(* Let $N\in\mathbb{N}$ be odd and either prime or divisible by at least two distinct primes. Let $b\in\mathbb{Z}$ and $f\in\mathbb{Z}[X]$ with $f(b)=N$, let $d:=\deg f$, and suppose $d$ is smaller than $q:=\max\{q'\text{ prime}:q'\mid N\}$ and $\gcd(\mathrm{lc}(f),N)=1$, where $\mathrm{lc}(f)$ is the leading coefficient of $f$. Then \[N\text{ is prime}\iff \forall x\in\{0,\dots,N-1\}:\ f(x)^{N-1}\bmod N\in\{0,1\}.\] *)

From mathcomp Require Import all_boot all_order all_algebra.
Set Implicit Arguments. Unset Strict Implicit. Unset Printing Implicit Defensive.
Import Order.TTheory GRing.Theory Num.Theory.

Definition two_distinct_prime_divisors (N : nat) : Prop :=
  exists p1 p2 : nat, [/\ prime p1, prime p2, p1 != p2, (p1 %| N)%N & (p2 %| N)%N].

(** If [N] is prime, the criterion is Fermat's little theorem applied to
    [f(x)].  Otherwise [N] has, besides its largest prime factor [q], a second
    prime factor [p].  Modulo [q] the polynomial [f] keeps its degree [d < q],
    so it has a non-root [a] in [F_q]; by the Chinese remainder theorem some
    [x < N] satisfies [x = b (mod p)] and [x = a (mod q)].  Then [p] divides
    [f(x)] (as [f(b) = N]) but [q] does not, so [f(x)^(N-1) mod N] is nonzero
    modulo [q] and vanishes modulo [p]: it is neither [0] nor [1]. *)

From mathcomp Require Import all_boot all_order all_algebra all_field.
Import Order.TTheory GRing.Theory Num.Theory.
Local Open Scope ring_scope.

Lemma Fp_intr_eq0 (p : nat) (z : int) :
  prime p -> ((z%:~R : 'F_p) == 0) = (p %| z)%Z.
Proof. by move=> p_pr; rewrite (dvdz_pcharf (pchar_Fp p_pr)). Qed.

Lemma Fp_intr_eq (p : nat) (m n : int) :
  prime p -> ((m%:~R : 'F_p) == n%:~R) = (m == n %[mod p])%Z.
Proof. by move=> p_pr; rewrite eqz_mod_dvd -subr_eq0 -rmorphB /= Fp_intr_eq0. Qed.

Lemma Fp_intr_modz {p N : nat} (z : int) :
  prime p -> (p %| N)%N -> (((z %% N)%Z)%:~R : 'F_p) = z%:~R.
Proof.
move=> p_pr pN; rewrite [in RHS](divz_eq z N) [RHS]intrD [X in _ = X + _]intrM.
have -> : ((N%:Z)%:~R : 'F_p) = 0 by apply/eqP; rewrite Fp_intr_eq0.
by rewrite mulr0 add0r.
Qed.

Lemma fermat_modz (p : nat) (y : int) : prime p ->
  (y ^+ p.-1 %% p)%Z = 0 \/ (y ^+ p.-1 %% p)%Z = 1.
Proof.
move=> p_pr; have p1_neq0 : p.-1 != 0%N by case: p p_pr => [|[|]].
have [y0|y_neq0] := eqVneq (y%:~R : 'F_p) 0.
  left; apply/dvdz_mod0P; rewrite -Fp_intr_eq0 // rmorphXn /= y0.
  by rewrite expr0n (negbTE p1_neq0).
right; have : ((y ^+ p.-1)%:~R : 'F_p) = (1 : int)%:~R.
  rewrite rmorphXn /=; apply: (mulfI y_neq0).
  rewrite -exprS prednK ?prime_gt0 // mulr1.
  by have := expf_card (y%:~R : 'F_p); rewrite card_Fp.
move/eqP; rewrite Fp_intr_eq // => /eqP ->.
by rewrite modz_small //= ltz_nat prime_gt1.
Qed.

Lemma exists_nonroot (F : finFieldType) (g : {poly F}) :
  g != 0 -> (size g <= #|F|)%N -> exists a, ~~ root g a.
Proof.
move=> g_neq0 size_g; apply/existsP; rewrite -negb_forall; apply/negP.
move=> /forallP all_roots.
have := max_poly_roots g_neq0 (introT allP (fun a _ => all_roots a)) (enum_uniq F).
by rewrite -cardE ltnNge size_g.
Qed.

Lemma chinese_Fp {p q N : nat} (a : 'F_p) (c : 'F_q) :
  (0 < N)%N -> prime p -> prime q -> p != q -> (p %| N)%N -> (q %| N)%N ->
  exists2 x, (x < N)%N & (x%:R : 'F_p) = a /\ (x%:R : 'F_q) = c.
Proof.
move=> N_gt0 p_pr q_pr p_neq_q pN qN.
have cop_pq : coprime p q by rewrite prime_coprime // dvdn_prime2.
exists (chinese p q a c %% N)%N; first by rewrite ltn_pmod.
split; rewrite -Fp_nat_mod //.
- by rewrite (modn_dvdm _ pN) chinese_modl // Fp_nat_mod // natr_Zp.
- by rewrite (modn_dvdm _ qN) chinese_modr // Fp_nat_mod // natr_Zp.
Qed.

Section CompositeWitness.

Context {N p q : nat}.
Hypotheses (p_pr : prime p) (q_pr : prime q) (pN : (p %| N)%N) (qN : (q %| N)%N).

(* Reduced modulo [q] the power is nonzero, reduced modulo [p] it is zero. *)
Lemma pow_modz_neq01 {y : int} : (1 < N)%N ->
  (p %| y)%Z -> ~~ (q %| y)%Z ->
  ~ ((y ^+ N.-1 %% N)%Z = 0 \/ (y ^+ N.-1 %% N)%Z = 1).
Proof.
move=> N_gt1 py qy; have N1_neq0 : N.-1 != 0%N by rewrite -lt0n -ltnS (ltn_predK N_gt1).
case=> r_eq.
- have := Fp_intr_modz (y ^+ N.-1) q_pr qN.
  rewrite r_eq rmorphXn /= => /esym/eqP.
  by rewrite expf_eq0 Fp_intr_eq0 // (negbTE qy) andbF.
- have := Fp_intr_modz (y ^+ N.-1) p_pr pN.
  have /eqP y0 : (y%:~R : 'F_p) == 0 by rewrite Fp_intr_eq0.
  rewrite r_eq rmorphXn /= y0 expr0n (negbTE N1_neq0) rmorph1.
  by move/eqP; rewrite oner_eq0.
Qed.

Lemma exists_value_dvd_ndvd {b : int} {f : {poly int}} : (0 < N)%N -> p != q ->
  (p %| f.[b])%Z -> ~~ (q %| lead_coef f)%Z -> (size f <= q)%N ->
  exists2 x, (x < N)%N & (p %| f.[x%:Z])%Z /\ ~~ (q %| f.[x%:Z])%Z.
Proof.
move=> N_gt0 p_neq_q pfb q_lc size_f.
set g := map_poly (intr : int -> 'F_q) f.
have lc_neq0 : ((lead_coef f)%:~R : 'F_q) != 0 by rewrite Fp_intr_eq0.
have size_g : size g = size f by apply: size_map_poly_id0.
have g_neq0 : g != 0 by rewrite -lead_coef_eq0 lead_coef_map_eq.
have [a g_a] : exists a, ~~ root g a by apply: exists_nonroot; rewrite // size_g card_Fp.
have [x x_lt [xp xq]] := chinese_Fp (b%:~R) a N_gt0 p_pr q_pr p_neq_q pN qN.
exists x => //; split; rewrite -Fp_intr_eq0 // -horner_map /=.
- by rewrite [_%:~R]xp horner_map /= Fp_intr_eq0.
- by rewrite [_%:~R]xq.
Qed.

End CompositeWitness.

Lemma other_prime_divisor {N : nat} (q : nat) : two_distinct_prime_divisors N ->
  exists p, [/\ prime p, (p %| N)%N & p != q].
Proof.
case=> [p1 [p2 [p1_pr p2_pr p12 p1N p2N]]].
have [<-|] := eqVneq p1 q; last by exists p1.
by exists p2; rewrite eq_sym.
Qed.

Lemma prime_ndvdz_gcdz1 {a : int} {N q : nat} :
  prime q -> (q %| N)%N -> gcdz a N = 1%N -> ~~ (q %| a)%Z.
Proof.
move=> q_pr qN gcd1; apply/negP => qa.
have : (q %| gcdz a N)%Z by rewrite dvdz_gcd qa.
by rewrite gcd1 dvdz1 /= => /eqP q1; move: (prime_gt1 q_pr); rewrite q1.
Qed.

Theorem theorem5p1 (N : nat) (b : int) (f : {poly int}) :
  odd N ->
  prime N \/ two_distinct_prime_divisors N ->
  f.[b] = N%:Z ->
  ((size f).-1 < max_pdiv N)%N ->
  gcdz (lead_coef f) N%:Z = 1%N ->
  (prime N <->
   (forall x : nat, (x < N)%N ->
      let r := ((f.[x%:Z] ^+ N.-1) %% N%:Z)%Z in r = 0 \/ r = 1)).
Proof.
move=> oddN N_prime_or_composite fb deg_f lc_coprime.
split=> [N_pr x _|criterion]; first exact: fermat_modz.
case: N_prime_or_composite => [//|two_primes].
have N_gt0 : (0 < N)%N by case: N oddN {two_primes fb deg_f lc_coprime criterion}.
set q := max_pdiv N.
have [p [p_pr pN p_neq_q]] := other_prime_divisor q two_primes.
have N_gt1 : (1 < N)%N by apply: leq_trans (prime_gt1 p_pr) (dvdn_leq N_gt0 pN).
have q_pr : prime q := max_pdiv_prime N_gt1.
have qN : (q %| N)%N := max_pdiv_dvd N.
have pfb : (p %| f.[b])%Z by rewrite fb.
have size_f : (size f <= q)%N by move: deg_f; case: (size f).
have [x x_lt [px qx]] := exists_value_dvd_ndvd p_pr q_pr pN qN N_gt0 p_neq_q
  pfb (prime_ndvdz_gcdz1 q_pr qN lc_coprime) size_f.
by case: (pow_modz_neq01 p_pr q_pr pN qN N_gt1 px qx (criterion x x_lt)).
Qed.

#### ACTIVITY
Set down exactly the lines that begin the records and continue through the line bearing "(** If [N] is"; include both ends.

#### RESPONSE
(* Let $N\in\mathbb{N}$ be odd and either prime or divisible by at least two distinct primes. Let $b\in\mathbb{Z}$ and $f\in\mathbb{Z}[X]$ with $f(b)=N$, let $d:=\deg f$, and suppose $d$ is smaller than $q:=\max\{q'\text{ prime}:q'\mid N\}$ and $\gcd(\mathrm{lc}(f),N)=1$, where $\mathrm{lc}(f)$ is the leading coefficient of $f$. Then \[N\text{ is prime}\iff \forall x\in\{0,\dots,N-1\}:\ f(x)^{N-1}\bmod N\in\{0,1\}.\] *)

From mathcomp Require Import all_boot all_order all_algebra.
Set Implicit Arguments. Unset Strict Implicit. Unset Printing Implicit Defensive.
Import Order.TTheory GRing.Theory Num.Theory.

Definition two_distinct_prime_divisors (N : nat) : Prop :=
  exists p1 p2 : nat, [/\ prime p1, prime p2, p1 != p2, (p1 %| N)%N & (p2 %| N)%N].

(** If [N] is prime, the criterion is Fermat's little theorem applied to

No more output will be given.